** Data to use follows **

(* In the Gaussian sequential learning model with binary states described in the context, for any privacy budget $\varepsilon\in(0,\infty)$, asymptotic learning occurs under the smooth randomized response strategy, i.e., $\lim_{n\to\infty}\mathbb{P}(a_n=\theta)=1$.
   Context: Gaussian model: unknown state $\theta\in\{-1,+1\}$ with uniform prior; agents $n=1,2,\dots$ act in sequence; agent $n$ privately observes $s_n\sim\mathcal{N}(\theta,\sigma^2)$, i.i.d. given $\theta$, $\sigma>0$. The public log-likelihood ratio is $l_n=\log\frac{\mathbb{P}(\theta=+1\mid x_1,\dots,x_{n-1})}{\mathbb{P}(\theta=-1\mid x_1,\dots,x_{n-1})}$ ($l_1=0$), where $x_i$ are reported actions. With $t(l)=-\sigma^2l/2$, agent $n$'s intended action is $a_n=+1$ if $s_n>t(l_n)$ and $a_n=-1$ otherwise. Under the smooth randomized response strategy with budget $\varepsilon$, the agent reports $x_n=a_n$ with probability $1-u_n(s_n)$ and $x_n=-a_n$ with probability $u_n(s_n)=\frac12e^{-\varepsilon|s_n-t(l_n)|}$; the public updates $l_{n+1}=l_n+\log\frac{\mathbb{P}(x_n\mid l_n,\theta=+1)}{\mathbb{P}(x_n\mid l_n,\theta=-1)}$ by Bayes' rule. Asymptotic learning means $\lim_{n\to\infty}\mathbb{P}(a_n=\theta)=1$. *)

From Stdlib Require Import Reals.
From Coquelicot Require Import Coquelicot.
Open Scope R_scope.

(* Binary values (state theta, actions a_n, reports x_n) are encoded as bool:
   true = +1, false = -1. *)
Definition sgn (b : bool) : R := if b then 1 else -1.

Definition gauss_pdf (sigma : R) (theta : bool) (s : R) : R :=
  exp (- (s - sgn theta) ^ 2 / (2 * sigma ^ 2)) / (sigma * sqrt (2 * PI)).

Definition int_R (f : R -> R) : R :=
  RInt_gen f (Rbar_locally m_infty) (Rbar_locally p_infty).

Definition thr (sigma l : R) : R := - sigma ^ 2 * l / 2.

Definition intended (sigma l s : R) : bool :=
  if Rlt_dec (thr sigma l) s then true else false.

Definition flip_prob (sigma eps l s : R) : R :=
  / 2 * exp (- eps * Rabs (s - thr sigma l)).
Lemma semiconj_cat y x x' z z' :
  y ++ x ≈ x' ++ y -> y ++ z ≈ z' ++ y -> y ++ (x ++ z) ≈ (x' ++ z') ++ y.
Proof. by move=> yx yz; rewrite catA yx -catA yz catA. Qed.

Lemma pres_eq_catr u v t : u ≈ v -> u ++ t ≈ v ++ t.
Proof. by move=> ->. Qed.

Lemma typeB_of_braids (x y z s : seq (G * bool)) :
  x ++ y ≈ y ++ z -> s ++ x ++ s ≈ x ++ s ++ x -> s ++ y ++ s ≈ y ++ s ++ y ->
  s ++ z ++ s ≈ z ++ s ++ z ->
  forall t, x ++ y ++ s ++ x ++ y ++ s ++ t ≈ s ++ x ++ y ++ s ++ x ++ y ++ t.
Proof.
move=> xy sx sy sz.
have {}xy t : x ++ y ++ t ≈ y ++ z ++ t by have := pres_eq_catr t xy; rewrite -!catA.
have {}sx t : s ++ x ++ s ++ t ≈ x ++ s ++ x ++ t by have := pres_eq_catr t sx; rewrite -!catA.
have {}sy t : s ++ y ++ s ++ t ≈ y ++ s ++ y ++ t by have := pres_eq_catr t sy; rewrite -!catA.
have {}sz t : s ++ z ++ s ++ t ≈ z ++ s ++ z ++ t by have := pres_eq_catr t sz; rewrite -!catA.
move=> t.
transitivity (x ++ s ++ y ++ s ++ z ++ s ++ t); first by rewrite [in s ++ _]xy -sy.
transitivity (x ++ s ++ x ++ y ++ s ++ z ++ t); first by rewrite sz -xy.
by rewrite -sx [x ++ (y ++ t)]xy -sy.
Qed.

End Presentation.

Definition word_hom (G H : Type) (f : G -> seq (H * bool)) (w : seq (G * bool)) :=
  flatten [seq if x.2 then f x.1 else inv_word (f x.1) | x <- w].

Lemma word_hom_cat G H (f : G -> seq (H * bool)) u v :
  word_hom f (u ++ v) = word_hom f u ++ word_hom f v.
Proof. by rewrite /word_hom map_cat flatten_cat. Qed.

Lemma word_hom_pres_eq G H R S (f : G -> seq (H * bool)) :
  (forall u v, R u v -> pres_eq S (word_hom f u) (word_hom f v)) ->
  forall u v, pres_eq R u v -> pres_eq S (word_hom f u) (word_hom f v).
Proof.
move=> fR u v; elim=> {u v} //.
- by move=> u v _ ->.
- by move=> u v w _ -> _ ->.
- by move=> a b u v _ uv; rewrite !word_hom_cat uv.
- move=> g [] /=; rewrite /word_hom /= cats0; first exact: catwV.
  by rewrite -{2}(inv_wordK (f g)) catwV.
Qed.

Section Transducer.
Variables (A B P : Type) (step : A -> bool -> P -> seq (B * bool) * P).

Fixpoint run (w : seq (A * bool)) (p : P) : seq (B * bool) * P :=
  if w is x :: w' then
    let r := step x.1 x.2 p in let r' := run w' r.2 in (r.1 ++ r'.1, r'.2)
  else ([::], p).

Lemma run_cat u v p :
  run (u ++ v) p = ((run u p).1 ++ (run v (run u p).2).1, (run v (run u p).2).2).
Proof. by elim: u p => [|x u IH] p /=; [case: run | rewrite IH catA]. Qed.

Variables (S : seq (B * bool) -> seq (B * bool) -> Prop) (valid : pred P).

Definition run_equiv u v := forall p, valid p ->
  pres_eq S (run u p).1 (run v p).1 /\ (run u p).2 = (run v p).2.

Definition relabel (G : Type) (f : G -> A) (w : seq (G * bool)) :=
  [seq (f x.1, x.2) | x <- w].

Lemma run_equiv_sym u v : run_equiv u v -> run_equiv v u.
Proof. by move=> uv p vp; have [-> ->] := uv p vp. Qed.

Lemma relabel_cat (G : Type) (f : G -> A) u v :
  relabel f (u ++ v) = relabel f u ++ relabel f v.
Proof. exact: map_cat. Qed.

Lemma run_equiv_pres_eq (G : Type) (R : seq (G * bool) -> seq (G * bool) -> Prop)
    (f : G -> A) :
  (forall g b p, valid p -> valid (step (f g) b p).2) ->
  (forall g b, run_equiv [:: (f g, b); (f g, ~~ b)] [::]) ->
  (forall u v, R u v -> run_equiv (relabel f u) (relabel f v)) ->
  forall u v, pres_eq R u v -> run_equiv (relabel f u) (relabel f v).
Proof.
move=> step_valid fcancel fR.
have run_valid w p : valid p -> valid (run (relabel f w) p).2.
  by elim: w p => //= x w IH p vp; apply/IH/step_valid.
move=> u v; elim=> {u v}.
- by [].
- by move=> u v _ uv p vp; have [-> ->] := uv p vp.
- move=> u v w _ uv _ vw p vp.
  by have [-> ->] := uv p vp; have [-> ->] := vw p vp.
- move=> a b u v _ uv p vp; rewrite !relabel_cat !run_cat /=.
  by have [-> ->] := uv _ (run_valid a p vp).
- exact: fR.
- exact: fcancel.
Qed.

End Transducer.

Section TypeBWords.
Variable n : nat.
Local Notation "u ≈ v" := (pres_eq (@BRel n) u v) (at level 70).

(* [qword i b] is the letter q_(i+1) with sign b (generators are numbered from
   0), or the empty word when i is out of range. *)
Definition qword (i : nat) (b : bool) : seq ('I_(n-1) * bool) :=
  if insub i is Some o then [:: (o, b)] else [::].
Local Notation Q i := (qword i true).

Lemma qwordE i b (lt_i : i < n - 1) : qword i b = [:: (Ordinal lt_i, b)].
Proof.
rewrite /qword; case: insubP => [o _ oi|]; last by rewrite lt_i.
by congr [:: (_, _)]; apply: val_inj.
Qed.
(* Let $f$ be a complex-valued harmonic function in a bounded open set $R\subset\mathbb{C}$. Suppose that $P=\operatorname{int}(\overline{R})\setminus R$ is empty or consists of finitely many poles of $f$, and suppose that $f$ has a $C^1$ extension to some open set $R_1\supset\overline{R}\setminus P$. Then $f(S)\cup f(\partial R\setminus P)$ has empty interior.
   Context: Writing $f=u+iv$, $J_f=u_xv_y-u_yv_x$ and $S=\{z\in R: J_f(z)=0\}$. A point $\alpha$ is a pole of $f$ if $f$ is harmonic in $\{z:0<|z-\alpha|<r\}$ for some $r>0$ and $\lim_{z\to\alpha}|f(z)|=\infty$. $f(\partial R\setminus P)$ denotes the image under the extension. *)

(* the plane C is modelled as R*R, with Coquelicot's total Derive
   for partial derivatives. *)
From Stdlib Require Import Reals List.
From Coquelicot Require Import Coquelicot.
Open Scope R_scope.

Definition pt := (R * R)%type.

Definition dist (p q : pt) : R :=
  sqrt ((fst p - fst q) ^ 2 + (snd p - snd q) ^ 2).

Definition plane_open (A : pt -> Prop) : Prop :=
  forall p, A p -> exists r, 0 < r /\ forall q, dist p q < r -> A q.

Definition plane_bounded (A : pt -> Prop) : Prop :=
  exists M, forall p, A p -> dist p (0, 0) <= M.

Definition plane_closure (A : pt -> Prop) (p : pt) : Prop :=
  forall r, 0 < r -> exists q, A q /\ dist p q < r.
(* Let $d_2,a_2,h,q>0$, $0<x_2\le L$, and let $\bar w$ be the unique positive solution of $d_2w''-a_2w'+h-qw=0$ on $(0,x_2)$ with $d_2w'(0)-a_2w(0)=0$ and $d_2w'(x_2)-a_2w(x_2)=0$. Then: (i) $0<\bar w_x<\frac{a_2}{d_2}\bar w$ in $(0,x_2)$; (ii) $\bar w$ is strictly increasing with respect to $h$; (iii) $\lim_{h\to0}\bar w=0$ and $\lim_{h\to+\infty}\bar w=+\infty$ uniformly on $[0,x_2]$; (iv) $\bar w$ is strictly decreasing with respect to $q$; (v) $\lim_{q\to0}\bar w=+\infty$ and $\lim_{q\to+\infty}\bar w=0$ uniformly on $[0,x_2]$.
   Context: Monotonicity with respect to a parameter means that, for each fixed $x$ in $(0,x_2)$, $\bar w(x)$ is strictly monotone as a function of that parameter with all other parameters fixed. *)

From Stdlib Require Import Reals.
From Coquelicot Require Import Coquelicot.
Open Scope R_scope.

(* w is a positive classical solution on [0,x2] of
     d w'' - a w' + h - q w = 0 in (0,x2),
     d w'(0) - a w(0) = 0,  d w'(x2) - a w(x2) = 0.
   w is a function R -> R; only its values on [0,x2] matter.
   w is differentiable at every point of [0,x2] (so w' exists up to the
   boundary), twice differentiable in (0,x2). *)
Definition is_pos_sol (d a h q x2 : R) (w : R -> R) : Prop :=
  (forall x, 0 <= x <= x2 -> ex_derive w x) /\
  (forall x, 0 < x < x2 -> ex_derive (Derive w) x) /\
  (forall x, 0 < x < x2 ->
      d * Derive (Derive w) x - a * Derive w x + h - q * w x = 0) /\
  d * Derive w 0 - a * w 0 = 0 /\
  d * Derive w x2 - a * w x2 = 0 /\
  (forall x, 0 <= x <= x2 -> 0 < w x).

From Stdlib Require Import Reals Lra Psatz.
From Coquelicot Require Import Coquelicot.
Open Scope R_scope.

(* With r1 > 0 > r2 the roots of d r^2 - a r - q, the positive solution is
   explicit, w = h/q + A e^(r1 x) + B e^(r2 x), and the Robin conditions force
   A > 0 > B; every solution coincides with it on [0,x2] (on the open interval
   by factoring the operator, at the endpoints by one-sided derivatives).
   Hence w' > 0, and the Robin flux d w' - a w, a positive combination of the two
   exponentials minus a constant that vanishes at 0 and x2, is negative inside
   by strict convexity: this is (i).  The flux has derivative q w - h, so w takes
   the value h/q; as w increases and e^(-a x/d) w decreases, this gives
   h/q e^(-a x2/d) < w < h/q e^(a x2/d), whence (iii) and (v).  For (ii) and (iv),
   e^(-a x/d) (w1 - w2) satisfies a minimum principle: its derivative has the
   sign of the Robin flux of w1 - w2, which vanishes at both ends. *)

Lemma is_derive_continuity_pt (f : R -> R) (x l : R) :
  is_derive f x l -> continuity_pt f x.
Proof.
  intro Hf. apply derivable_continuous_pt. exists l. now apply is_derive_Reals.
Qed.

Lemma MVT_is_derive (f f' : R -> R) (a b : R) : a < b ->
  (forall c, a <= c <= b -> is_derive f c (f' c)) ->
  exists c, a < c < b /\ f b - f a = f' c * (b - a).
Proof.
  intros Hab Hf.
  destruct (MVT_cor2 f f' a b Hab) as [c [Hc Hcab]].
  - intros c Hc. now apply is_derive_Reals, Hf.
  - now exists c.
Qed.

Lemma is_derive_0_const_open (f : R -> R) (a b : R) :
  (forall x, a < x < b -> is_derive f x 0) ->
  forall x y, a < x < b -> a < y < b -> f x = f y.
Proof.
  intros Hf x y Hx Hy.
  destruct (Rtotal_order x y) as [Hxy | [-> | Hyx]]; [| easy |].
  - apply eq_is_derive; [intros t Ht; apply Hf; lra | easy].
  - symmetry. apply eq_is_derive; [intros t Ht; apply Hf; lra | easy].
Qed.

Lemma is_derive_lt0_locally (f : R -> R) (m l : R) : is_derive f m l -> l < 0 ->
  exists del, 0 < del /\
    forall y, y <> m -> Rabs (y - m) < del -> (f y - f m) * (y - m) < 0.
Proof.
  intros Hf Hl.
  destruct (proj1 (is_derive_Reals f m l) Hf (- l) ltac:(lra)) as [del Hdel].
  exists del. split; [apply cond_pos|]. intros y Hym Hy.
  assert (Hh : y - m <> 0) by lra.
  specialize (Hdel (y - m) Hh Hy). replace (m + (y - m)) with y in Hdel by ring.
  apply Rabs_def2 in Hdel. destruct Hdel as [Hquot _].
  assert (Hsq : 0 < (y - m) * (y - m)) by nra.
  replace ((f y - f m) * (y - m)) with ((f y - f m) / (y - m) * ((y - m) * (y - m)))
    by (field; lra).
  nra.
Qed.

** End of Data to use **

* [Task]: Tell how many lines in the entries above include the string "elim", and write nothing but the number.

* [Response area]: 4